Mary grew up in Harrisonburg on the family dairy farm. She claims she was in the barn as one of the main milkers by the time she was ten years old. She says she never ever remembers having enough time to get bored.
She was shy when she started first grade; she cried every morning before going to school from the time school started in the fall until Christmas. After that she seemed to get over the hump and I haven't noticed it since.

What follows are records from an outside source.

(* Let $N\ge1$ and let $\tilde\Phi:\mathbb{R}^N\to\mathbb{R}$ be a twice differentiable convex function with $\nabla\tilde\Phi(G)\in\Delta_N$ and $\nabla_i\tilde\Phi(G)>0$ for all $G$ and $i$. Suppose that for constants $C,\gamma>0$, $\tilde\Phi$ is $(\gamma,C)$-differentially-consistent, i.e. for all $G\in(-\infty,0]^N$ and all $i$, $\nabla^2_{ii}\tilde\Phi(G)\le C(\nabla_i\tilde\Phi(G))^\gamma$. Consider one round $t$ of GBPA$(\tilde\Phi)$ with loss vector $g_t\in[-1,0]^N$ and current estimate $\hat G_{t-1}\in(-\infty,0]^N$. Then \[\mathbb{E}_{i_t}\big[D_{\tilde\Phi}(\hat G_t,\hat G_{t-1})\,\big|\,\hat G_{t-1}\big]\le\frac{C}{2}\sum_{i=1}^N\big(\nabla_i\tilde\Phi(\hat G_{t-1})\big)^{\gamma-1}.\]
   Context: $\Delta_N$ is the probability simplex in $\mathbb{R}^N$, $e_i$ the $i$-th standard basis vector. One round of GBPA$(\tilde\Phi)$ at time $t$: given $\hat G_{t-1}$, sample $i_t$ with probability $p_{t,i}=\nabla_i\tilde\Phi(\hat G_{t-1})$, observe $g_{t,i_t}$, set $\hat G_t=\hat G_{t-1}+\frac{g_{t,i_t}}{p_{t,i_t}}e_{i_t}$ (the algorithm starts from $\hat G_0=0$, so all $\hat G_t$ lie in $(-\infty,0]^N$). $D_{\tilde\Phi}(x,y)=\tilde\Phi(x)-\tilde\Phi(y)-\langle\nabla\tilde\Phi(y),x-y\rangle$ is the Bregman divergence; $\nabla_i$ and $\nabla^2_{ii}$ denote first and second partial derivatives in coordinate $i$. *)

From HB Require Import structures.
From mathcomp Require Import all_boot all_order all_algebra.
From mathcomp Require Import all_classical all_reals all_analysis.
Set Implicit Arguments. Unset Strict Implicit. Unset Printing Implicit Defensive.
Import Order.TTheory GRing.Theory Num.Theory.
Import numFieldNormedType.Exports.
Local Open Scope ring_scope.

Section Defs.
Variables (R : realType) (N : nat).

Definition e_vec (i : 'I_N) : 'rV[R]_N := delta_mx 0 i.

Definition partial (i : 'I_N) (f : 'rV[R]_N -> R) (G : 'rV[R]_N) : R :=
  'D_(e_vec i) f G.

Definition grad (f : 'rV[R]_N -> R) (G : 'rV[R]_N) : 'rV[R]_N :=
  \row_i partial i f G.

Definition partial2 (i : 'I_N) (f : 'rV[R]_N -> R) (G : 'rV[R]_N) : R :=
  'D_(e_vec i) (partial i f) G.

Definition in_simplex (p : 'rV[R]_N) : Prop :=
  (forall i, 0 <= p 0 i) /\ \sum_i p 0 i = 1.

Definition nonpos_vec (G : 'rV[R]_N) : Prop := forall i, G 0 i <= 0.

Definition convex_fun_rV (f : 'rV[R]_N -> R) : Prop :=
  forall (x y : 'rV[R]_N) (t : R), 0 <= t <= 1 ->
    f (t *: x + (1 - t) *: y) <= t * f x + (1 - t) * f y.

Definition bregman (f : 'rV[R]_N -> R) (x y : 'rV[R]_N) : R :=
  f x - f y - \sum_i grad f y 0 i * (x - y) 0 i.

Definition diff_consistent (gamma C : R) (f : 'rV[R]_N -> R) : Prop :=
  forall G, nonpos_vec G -> forall i, partial2 i f G <= C * (partial i f G) `^ gamma.

(* one GBPA update when coordinate i is sampled: G + (g_i / p_i) e_i *)
Definition gbpa_next (f : 'rV[R]_N -> R) (Gprev g : 'rV[R]_N) (i : 'I_N) : 'rV[R]_N :=
  Gprev + (g 0 i / partial i f Gprev) *: e_vec i.

End Defs.

From HB Require Import structures.
From mathcomp Require Import all_boot all_order all_algebra.
From mathcomp Require Import all_classical all_reals all_analysis.
From mathcomp Require Import lra ring.
Import Order.TTheory GRing.Theory Num.Theory.
Import numFieldNormedType.Exports.
Set Implicit Arguments. Unset Strict Implicit. Unset Printing Implicit Defensive.
Local Open Scope ring_scope.

(* Along the coordinate line s |-> G + s e_i, the Bregman divergence
   D(G + h e_i, G) is the remainder of a first-order Taylor expansion, hence at
   most K h^2 / 2 for any bound K on the second partial derivative over the
   segment. For the GBPA step h = g_i / p_i <= 0 the segment stays in the
   nonpositive orthant, and convexity makes the i-th partial derivative
   nondecreasing along e_i, so differential consistency gives K = C p_i^gamma.
   Weighting by the sampling probability p_i leaves C/2 p_i^(gamma-1) g_i^2,
   and g_i^2 <= 1. *)

Section RealLine.
Variable R : realType.
Implicit Types (f df d2f : R -> R) (a b K : R).

Lemma is_derive_continuous f df :
  (forall s : R, is_derive s (1 : R) f (df s)) -> continuous f.
Proof.
move=> fdf s; apply: differentiable_continuous; apply/derivable1_diffP.
by case: (fdf s).
Qed.

Lemma is_derive_ge0_le f df a b : a <= b ->
  (forall s : R, is_derive s (1 : R) f (df s)) -> (forall s, a <= s <= b -> 0 <= df s) ->
  f a <= f b.
Proof.
move=> ab fdf df0.
have [c cab fab] := MVT_segment ab (fun s _ => fdf s)
  (continuous_subspaceT (is_derive_continuous fdf)).
rewrite -subr_ge0 fab mulr_ge0 ?subr_ge0 //.
by apply: df0; rewrite in_itv /= in cab.
Qed.

Lemma taylor_remainder_le_left f df d2f a b K : a <= b ->
  (forall s : R, is_derive s (1 : R) f (df s)) ->
  (forall s : R, is_derive s (1 : R) df (d2f s)) ->
  (forall s, a <= s <= b -> d2f s <= K) ->
  f a - f b - df b * (a - b) <= K * (a - b) ^+ 2 / 2.
Proof.
move=> ab fdf dfd2f d2fK.
pose u := K \*: id - df.
have udu t : is_derive t (1 : R) u (K - d2f t).
  by apply: is_derive_eq; rewrite -[K *: 1]/(K * 1) mulr1.
have df_lb s : a <= s <= b -> 0 <= df s - df b - K * (s - b).
  case/andP=> as_ sb.
  suff : K * s - df s <= K * b - df b by lra.
  have := is_derive_ge0_le sb udu.
  rewrite /u !fctE /= -[K *: s]/(K * s) -[K *: b]/(K * b); apply.
  move=> t /andP[st tb]; rewrite subr_ge0; apply: d2fK.
  by rewrite (le_trans as_ st).
(* [psi t] is [f t - df b * t - K / 2 * (t - b) ^+ 2] up to a constant. *)
pose psi := f - (df b - K * b) \*: id - (K / 2) \*: id ^+ 2.
have psid t : is_derive t (1 : R) psi (df t - df b - K * (t - b)).
  apply: is_derive_eq.
  by rewrite /GRing.scale /= !mulr1 expr1; field.
have := is_derive_ge0_le ab psid df_lb.
rewrite /psi !fctE /= /GRing.scale /=.
nra.
Qed.

Lemma is_derive_line (V : normedModType R) (f : V -> R) (x v : V) (s : R) :
  derivable f (s *: v + x) v ->
  is_derive s (1 : R) (fun t : R => f (t *: v + x)) ('D_v f (s *: v + x)).
Proof.
have quotE : (fun h : R => h^-1 *: (((fun t : R => f (t *: v + x)) \o shift s) (h *: (1 : R))
                              - f (s *: v + x)))
           = (fun h : R => h^-1 *: ((f \o shift (s *: v + x)) (h *: v) - f (s *: v + x))).
  apply/funext => h /=; congr (_ *: (f _ - _)).
  by rewrite -[h *: 1]/(h * 1) mulr1 scalerDl addrA.
by move=> fv; split; rewrite /derivable /derive quotE.
Qed.

Lemma derive_dirZ (V : normedModType R) (f : V -> R) (x v : V) (c : R) :
  differentiable f x -> 'D_(c *: v) f x = c * 'D_v f x.
Proof. by move=> df; rewrite !deriveE // linearZ. Qed.

Lemma powRD1 (x r : R) : 0 < x -> x `^ (r + 1) = x `^ r * x.
Proof.
move=> x_gt0; rewrite powRD ?powRr1 ?ltW //.
by rewrite (lt0r_neq0 x_gt0) implybT.
Qed.

End RealLine.

Section Convexity.
Variables (R : realType) (N : nat) (f : 'rV[R]_N -> R).
Hypothesis cvx_f : convex_fun_rV f.

Lemma convex_derive_le (x y : 'rV[R]_N) :
  derivable f x (y - x) -> f x + 'D_(y - x) f x <= f y.
Proof.
move=> dx.
rewrite addrC -lerBrDr /derive.
rewrite (cvg_at_rightE (fun h : R => h^-1 *: ((f \o shift x) (h *: (y - x)) - f x))) //.
apply: limr_le.
  by apply/cvg_ex; eexists; exact: cvg_dnbhs_at_right dx.
near=> h.
have h0 : 0 < h by near: h; exact: nbhs_right_gt.
have h1 : h <= 1 by near: h; exact: nbhs_right_le.
have := @cvx_f y x h; rewrite ltW //= h1 => /(_ isT).
have -> : h *: y + (1 - h) *: x = (shift x) (h *: (y - x)).
  by rewrite /= scalerBr scalerBl scale1r addrA addrAC.
by move=> H; rewrite /= -[_ *: _]/(h^-1 * _) ler_pdivrMl //; lra.
Unshelve. all: by end_near.
Qed.

Lemma convex_derive_shift_le (x v : 'rV[R]_N) (s : R) :
  differentiable f x -> differentiable f (s *: v + x) -> s <= 0 ->
  'D_v f (s *: v + x) <= 'D_v f x.
Proof.
move=> dfx dfsx s_le0.
have [->|s_neq0] := eqVneq s 0; first by rewrite scale0r add0r.
have s_lt0 : s < 0 by rewrite lt_neqAle s_neq0.
have := convex_derive_le (diff_derivable (v := s *: v + x - x) dfx).
have := convex_derive_le (diff_derivable (v := x - (s *: v + x)) dfsx).
have -> : s *: v + x - x = s *: v by rewrite addrK.
have -> : x - (s *: v + x) = (- s) *: v by rewrite opprD addrCA subrr addr0 scaleNr.
rewrite !derive_dirZ //; nra.
Qed.

End Convexity.

Section CoordinateLine.
Variables (R : realType) (N : nat).
Implicit Types (f : 'rV[R]_N -> R) (G : 'rV[R]_N) (i : 'I_N).

Lemma bregman_e_vec f G i (h : R) :
  bregman f (G + h *: e_vec R i) G = f (h *: e_vec R i + G) - f G - partial i f G * h.
Proof.
rewrite /bregman (addrC G) addrK (bigD1 i) //= big1 ?addr0.
  by rewrite !mxE /= eqxx mulr1.
by move=> j ji; rewrite !mxE (negbTE ji) mulr0 mulr0.
Qed.

Lemma nonpos_vec_shift G i (s : R) :
  s <= 0 -> nonpos_vec G -> nonpos_vec (s *: e_vec R i + G).
Proof.
move=> s_le0 G_le0 j; rewrite !mxE.
by case: (j == i); rewrite ?mulr1 ?mulr0 ?add0r ?G_le0 // ler_wnDl ?G_le0.
Qed.

Lemma differentiable_partial f i G :
  differentiable (grad f) G -> differentiable (partial i f) G.
Proof.
have -> : partial i f = (fun M : 'rV[R]_N => M 0 i) \o grad f.
  by apply/funext => M /=; rewrite mxE.
by move=> dgrad; apply: differentiable_comp => //; exact: differentiable_coord.
Qed.

End CoordinateLine.

Section GBPARound.
Variables (R : realType) (N : nat) (Phi : 'rV[R]_N -> R).
Hypothesis dPhi : forall G, differentiable Phi G.
Hypothesis dgrad : forall G, differentiable (grad Phi) G.
Hypothesis cvxPhi : convex_fun_rV Phi.
Implicit Types (G : 'rV[R]_N) (i : 'I_N).

Lemma bregman_e_vec_le i G (h K : R) : h <= 0 ->
  (forall s, h <= s <= 0 -> partial2 i Phi (s *: e_vec R i + G) <= K) ->
  bregman Phi (G + h *: e_vec R i) G <= K * h ^+ 2 / 2.
Proof.
move=> h_le0 d2K.
have Dphi s : is_derive s (1 : R) (fun t : R => Phi (t *: e_vec R i + G))
    (partial i Phi (s *: e_vec R i + G)).
  apply: is_derive_line; exact: diff_derivable.
have Dpartial s : is_derive s (1 : R) (fun t : R => partial i Phi (t *: e_vec R i + G))
    (partial2 i Phi (s *: e_vec R i + G)).
  apply: is_derive_line; apply: diff_derivable; exact: differentiable_partial.
have := taylor_remainder_le_left h_le0 Dphi Dpartial d2K.
by rewrite bregman_e_vec scale0r add0r subr0.
Qed.

Lemma partial_shift_le i G (s : R) : s <= 0 ->
  partial i Phi (s *: e_vec R i + G) <= partial i Phi G.
Proof. exact: (convex_derive_shift_le cvxPhi (dPhi G) (dPhi _)). Qed.

Lemma partial2_shift_le (gamma C : R) i G (s : R) :
  0 <= C -> 0 <= gamma -> (forall G, 0 < partial i Phi G) ->
  diff_consistent gamma C Phi ->
  nonpos_vec G -> s <= 0 ->
  partial2 i Phi (s *: e_vec R i + G) <= C * partial i Phi G `^ gamma.
Proof.
move=> C_ge0 gamma_ge0 partial_gt0 dcons G_le0 s_le0.
have dcons_s := dcons _ (nonpos_vec_shift i s_le0 G_le0) i.
apply: (le_trans dcons_s); apply: (ler_wpM2l C_ge0).
apply: ge0_ler_powR => //; last exact: partial_shift_le.
all: by rewrite nnegrE ltW.
Qed.

Lemma bregman_gbpa_next_le (gamma C : R) (g : 'rV[R]_N) i G :
  0 <= C -> 0 <= gamma -> (forall G, 0 < partial i Phi G) ->
  diff_consistent gamma C Phi -> -1 <= g 0 i <= 0 -> nonpos_vec G ->
  partial i Phi G * bregman Phi (gbpa_next Phi G g i) G
    <= C / 2 * partial i Phi G `^ (gamma - 1).
Proof.
move=> C_ge0 gamma_ge0 partial_gt0 dcons /andP[g_ge g_le0] G_le0.
set p := partial i Phi G; have p_gt0 : 0 < p := partial_gt0 G.
set h := g 0 i / p.
have h_le0 : h <= 0 by rewrite /h mulr_le0_ge0 // invr_ge0 ltW.
have d2_le s : h <= s <= 0 -> partial2 i Phi (s *: e_vec R i + G) <= C * p `^ gamma.
  by case/andP=> _; apply: partial2_shift_le.
have powE : p `^ gamma = p `^ (gamma - 1) * p by rewrite -powRD1 // subrK.
have := bregman_e_vec_le h_le0 d2_le.
rewrite -/(gbpa_next Phi G g i) powE => breg_le.
set P := p `^ (gamma - 1); have P_ge0 : 0 <= P := powR_ge0 _ _.
apply: le_trans (ler_wpM2l (ltW p_gt0) breg_le) _.
have -> : p * (C * (P * p) * h ^+ 2 / 2) = C / 2 * P * g 0 i ^+ 2.
  by rewrite /h; field; exact: lt0r_neq0.
rewrite -[leRHS]mulr1 ler_wpM2l ?mulr_ge0 ?divr_ge0 //; nra.
Qed.

End GBPARound.

Theorem theorem1 (R : realType) (N : nat) (Phi : 'rV[R]_N -> R) (C gamma : R)
    (g Gprev : 'rV[R]_N) :
  (0 < N)%N ->
  (forall G, differentiable Phi G) ->
  (forall G, differentiable (grad Phi) G) ->
  convex_fun_rV Phi ->
  (forall G, in_simplex (grad Phi G)) ->
  (forall G i, 0 < partial i Phi G) ->
  0 < C -> 0 < gamma ->
  diff_consistent gamma C Phi ->
  (forall i, -1 <= g 0 i <= 0) ->
  nonpos_vec Gprev ->
  \sum_i partial i Phi Gprev * bregman Phi (gbpa_next Phi Gprev g i) Gprev
    <= C / 2 * \sum_i (partial i Phi Gprev) `^ (gamma - 1).
Proof.
move=> _ dPhi dgrad cvxPhi _ p_gt0 C_gt0 gamma_gt0 dcons g_bnd G_le0.
rewrite mulr_sumr; apply: ler_sum => i _.
exact: (bregman_gbpa_next_le dPhi dgrad cvxPhi (ltW C_gt0) (ltW gamma_gt0)
  (p_gt0^~ i) dcons (g_bnd i) G_le0).
Qed.
(* Let $\mathcal R$ be a reaction network and let $\mathcal U=\mathcal U_1\cup\mathcal U_2\subseteq\mathcal S$ be a set of non-interacting species with $\mathcal U_1\cap\mathcal U_2=\emptyset$. Assume $\mathcal U_1$ is eliminable in $\mathcal R$ with respect to some $\mathcal F_1\subseteq\mathcal R_{\mathcal U_1}$, and that $\mathcal U_2$ is eliminable in the reduced network $\widetilde{\mathcal R}=\mathcal R^*_{\mathcal U_1,\mathcal F_1}$ with respect to $\mathcal F_2=\widetilde{\mathcal R}_{\mathcal U_2}$. Then $\mathcal U$ is eliminable in $\mathcal R$ with respect to $\mathcal F=\mathcal F_1\cup\mathcal R_{\mathcal U_2}$.
   Context: Species $S_1,\dots,S_n$ are the unit vectors of $\mathbb{N}_0^n$ and $\mathcal S=\{S_1,\dots,S_n\}$; for $x\in\mathbb{N}_0^n$, $\mathrm{supp}(x)=\{S_k: x^k>0\}$. A reaction network (RN) is a (possibly infinite) subset $\mathcal R\subseteq\mathbb{N}_0^n\times\mathbb{N}_0^n$ containing no $(y,y')$ with $y=y'$; elements $(y,y')$ are reactions $y\to y'$ with reactant $y$ and product $y'$. For $r_1=(y_1,y_1'),\ r_2=(y_2,y_2')$ define $r_1\oplus r_2=(y_1+0\vee(y_2-y_1'),\ y_2'+0\vee(y_1'-y_2))$ ($\vee$ componentwise maximum); it is associative. $\mathrm{cl}(A)$ is the set of all finite $\oplus$-sums of elements of $A$, including $(0,0)$. $(y_1,y_1')\sim(0,0)$ means $y_1=y_1'$. For $\mathcal U\subseteq\mathcal S$ and a set $B\subseteq\mathbb{N}_0^n\times\mathbb{N}_0^n$ write $B_{\mathcal U}=\{(y,y')\in B:\mathrm{supp}(y)\cap\mathcal U\neq\emptyset\}$ and $B_{\mathcal U}'=\{(y,y')\in B:\mathrm{supp}(y')\cap\mathcal U\neq\emptyset\}$. For an RN $\mathcal R$ and $\mathcal U$, set $\overline{\mathcal R}=\mathrm{cl}(\mathcal R)$, $\mathcal R_0=\mathcal R\setminus(\mathcal R_{\mathcal U}\cup\mathcal R_{\mathcal U}')$ and $\overline{\mathcal R}_0=\overline{\mathcal R}\setminus(\overline{\mathcal R}_{\mathcal U}\cup\overline{\mathcal R}_{\mathcal U}')$. $\mathcal U$ is eliminable in $\mathcal R$ with respect to $\mathcal F\subseteq\mathcal R_{\mathcal U}$ if for every $r_0\in\mathcal R_{\mathcal U}'$ and every $r_1\in\mathrm{cl}(\mathcal F)$ with $r_0\oplus r_1\notin\overline{\mathcal R}_{\mathcal U}$ there exists $r_2\in\mathrm{cl}(\mathcal F)$ with $r_0\oplus r_1\oplus r_2\in\overline{\mathcal R}_0$. In that case the reduced RN is $\mathcal R^*_{\mathcal U,\mathcal F}=\mathcal R_0\cup\mathcal R_{\mathcal U,\mathcal F}$, where $\mathcal R_{\mathcal U,\mathcal F}=\{r_0\oplus r_1\in\overline{\mathcal R}_0: r_0\in\mathcal R_{\mathcal U}',\ r_1\in\mathrm{cl}(\mathcal F)\}\setminus\{r: r\sim(0,0)\}$. $\mathcal U$ consists of non-interacting species (in $\mathcal R$) if for every reaction $y\to y'\in\mathcal R$, $\sum_{S_i\in\mathcal U}y^i\le1$ and $\sum_{S_i\in\mathcal U}(y')^i\le1$. *)

From mathcomp Require Import all_boot all_order.
Set Implicit Arguments. Unset Strict Implicit. Unset Printing Implicit Defensive.

(* Complexes: elements of N_0^n, species are indices i : 'I_n. *)
Definition vec (n : nat) := {ffun 'I_n -> nat}.
Definition reaction (n : nat) := (vec n * vec n)%type.
Definition rset (n : nat) := reaction n -> Prop.

Definition vzero (n : nat) : vec n := [ffun _ => 0%N].

Definition is_RN n (R : rset n) : Prop := forall r, R r -> r.1 <> r.2.

(* r1 (+) r2 = (y1 + 0 v (y2 - y1'), y2' + 0 v (y1' - y2)); truncated nat
   subtraction is exactly 0 v (a - b). *)
Definition oplus n (r1 r2 : reaction n) : reaction n :=
  ([ffun i => r1.1 i + (r2.1 i - r1.2 i)]%N,
   [ffun i => r2.2 i + (r1.2 i - r2.1 i)]%N).

Inductive cl n (A : rset n) : rset n :=
| cl_zero : cl A (vzero n, vzero n)
| cl_add : forall r a, cl A r -> A a -> cl A (oplus r a).

Definition equiv0 n (r : reaction n) : Prop := r.1 = r.2.

Definition meets n (U : {set 'I_n}) (x : vec n) : Prop :=
  exists2 i, i \in U & (0 < x i)%N.

Definition subU n (B : rset n) (U : {set 'I_n}) : rset n :=
  fun r => B r /\ meets U r.1.
Definition subU' n (B : rset n) (U : {set 'I_n}) : rset n :=
  fun r => B r /\ meets U r.2.

Definition sub0 n (B : rset n) (U : {set 'I_n}) : rset n :=
  fun r => B r /\ ~ subU B U r /\ ~ subU' B U r.

Definition R0 n (R : rset n) U := sub0 R U.
Definition Rbar0 n (R : rset n) U := sub0 (cl R) U.

Definition eliminable n (R : rset n) (U : {set 'I_n}) (F : rset n) : Prop :=
  (forall r, F r -> subU R U r) /\
  forall r0 r1, subU' R U r0 -> cl F r1 ->
    ~ subU (cl R) U (oplus r0 r1) ->
    exists2 r2, cl F r2 & Rbar0 R U (oplus (oplus r0 r1) r2).

Definition R_UF n (R : rset n) (U : {set 'I_n}) (F : rset n) : rset n :=
  fun r => (exists r0 r1, subU' R U r0 /\ cl F r1 /\ r = oplus r0 r1)
           /\ Rbar0 R U r /\ ~ equiv0 r.

Definition reduced n (R : rset n) (U : {set 'I_n}) (F : rset n) : rset n :=
  fun r => R0 R U r \/ R_UF R U F r.

Definition non_interacting n (R : rset n) (U : {set 'I_n}) : Prop :=
  forall r, R r -> (\sum_(i in U) r.1 i <= 1)%N /\ (\sum_(i in U) r.2 i <= 1)%N.

Definition runion n (A B : rset n) : rset n := fun r => A r \/ B r.

From mathcomp Require Import all_boot all_order.
From mathcomp Require Import zify.
Set Implicit Arguments. Unset Strict Implicit. Unset Printing Implicit Defensive.

(* Write U = U1 u U2, F = F1 u R_U2, Rt = R*_{U1,F1} and F2 = Rt_U2.  Take
   r0 in R'_U and r1 = a_1 (+) ... (+) a_k in cl(F) with r0 (+) r1 free of U
   in its reactant.  As U is non-interacting, every partial composite
   r0 (+) a_1 (+) ... (+) a_j carries at most one U-molecule (a "token") in its
   product, and each a_j consumes it.  The token history is summarised by the
   predicate [pending] on product vectors: no token; a token v in U2 reached by
   an unfinished U2-elimination chain of Rt ([reach2 v]); or a token w in U1
   inside an F1-excursion started from a reaction b ([pend1 w]), which when it
   returns to U2 becomes a reaction of Rt extending the U2-chain.  We show that
   [pending] is preserved along cl(F) ([pending_chain]), and, using the two
   eliminability hypotheses, that every pending product can be consumed by an
   element of cl(F) leaving no U-species ([pending_completable]); the theorem
   follows by applying both to r0 and r1. *)

Lemma oplus1E n (a b : reaction n) i : (oplus a b).1 i = a.1 i + (b.1 i - a.2 i).
Proof. by rewrite /oplus ffunE. Qed.

Lemma oplus2E n (a b : reaction n) i : (oplus a b).2 i = b.2 i + (a.2 i - b.1 i).
Proof. by rewrite /oplus ffunE. Qed.

Lemma reaction_eq n (a b : reaction n) :
  (forall i, a.1 i = b.1 i) -> (forall i, a.2 i = b.2 i) -> a = b.
Proof.
case: a b => [a1 a2] [b1 b2] /= h1 h2.
by move/ffunP: h1 => ->; move/ffunP: h2 => ->.
Qed.

Lemma oplusA n (a b c : reaction n) : oplus (oplus a b) c = oplus a (oplus b c).
Proof. apply: reaction_eq => i; rewrite !(oplus1E, oplus2E); lia. Qed.

Lemma oplus0r n (a : reaction n) : oplus a (vzero n, vzero n) = a.
Proof. apply: reaction_eq => i; rewrite !(oplus1E, oplus2E) /vzero /= ffunE; lia. Qed.

Lemma oplus0l n (a : reaction n) : oplus (vzero n, vzero n) a = a.
Proof. apply: reaction_eq => i; rewrite !(oplus1E, oplus2E) /vzero /= ffunE; lia. Qed.

Lemma oplus_fix1 n (c r : reaction n) i :
  ((oplus c r).1 i = c.1 i) <-> (r.1 i <= c.2 i).
Proof. rewrite oplus1E; lia. Qed.

Lemma oplus_match n (c r : reaction n) i :
  c.2 i = r.1 i -> (oplus c r).1 i = c.1 i /\ (oplus c r).2 i = r.2 i.
Proof. rewrite oplus1E oplus2E; lia. Qed.

Lemma oplus_fix1_split n (c r a : reaction n) i :
  (oplus c (oplus r a)).1 i = c.1 i ->
  (oplus c r).1 i = c.1 i /\ (oplus (oplus c r) a).1 i = (oplus c r).1 i.
Proof. rewrite -oplusA !oplus1E; lia. Qed.

Lemma oplus_closes n (c r : reaction n) i :
  c.1 i = 0 -> (oplus c r).1 i = 0 -> (oplus c r).2 i = 0 ->
  r.1 i = c.2 i /\ r.2 i = 0.
Proof. rewrite oplus1E oplus2E; lia. Qed.

Lemma cl_single n (A : rset n) a : A a -> cl A a.
Proof. by move=> h; rewrite -(oplus0l a); apply: cl_add => //; apply: cl_zero. Qed.

Lemma cl_oplus n (A : rset n) x y : cl A x -> cl A y -> cl A (oplus x y).
Proof.
move=> hx; elim => [|r a _ IH ha]; first by rewrite oplus0r.
by rewrite -oplusA; apply: cl_add.
Qed.

Lemma cl_gen n (A B : rset n) x : (forall r, A r -> cl B r) -> cl A x -> cl B x.
Proof.
move=> h; elim => [|r a _ IH ha]; first exact: cl_zero.
by apply: cl_oplus => //; apply: h.
Qed.

Lemma cl_mono n (A B : rset n) x : (forall r, A r -> B r) -> cl A x -> cl B x.
Proof. by move=> h; apply: cl_gen => r /h; apply: cl_single. Qed.

Definition avoids n (A : {set 'I_n}) (x : vec n) := forall i, i \in A -> x i = 0.
Definition unit_on n (A : {set 'I_n}) (x : vec n) (w : 'I_n) :=
  forall i, i \in A -> x i = (i == w).
Definition agree_on n (A : {set 'I_n}) (x y : vec n) :=
  forall i, i \in A -> x i = y i.

Lemma avoidsP n (A : {set 'I_n}) x : ~ meets A x <-> avoids A x.
Proof.
split=> [h i iA|h [i iA]]; last by rewrite h.
by case E: (x i) => [//|k]; case: h; exists i; rewrite ?E.
Qed.

Lemma avoids_or_unit n (A : {set 'I_n}) (x : vec n) :
  \sum_(i in A) x i <= 1 -> avoids A x \/ exists2 w, w \in A & unit_on A x w.
Proof.
move=> hs; case: (boolP [exists i in A, 0 < x i]).
- move/existsP => [w /andP[wA pos]]; right; exists w => // i iA.
  move: hs; rewrite (bigD1 w) //=.
  case: (eqVneq i w) => [->|ne] /=; first lia.
  by rewrite (bigD1 i) /= ?iA ?ne; lia.
- rewrite negb_exists => /forallP h; left => i iA.
  by move: (h i); rewrite iA /=; lia.
Qed.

She was always tall for her age. In the fourth grade she was taller than her teacher. By the seventh grade she was all grown up. And me? Well, it's the same old story; not so much. In the seventh grade she was a foot taller than I and weighed twice as much.(I was 75 Lbs. and 4' 9" tall) Fortunately we didn't learn to know each other until we were nineteen and by then I was finally mostly grown up myself. And for the record, I was always good with the tall. My opinion is that the majority of Mennonite women are stunted; down about 5' 5"somewhere.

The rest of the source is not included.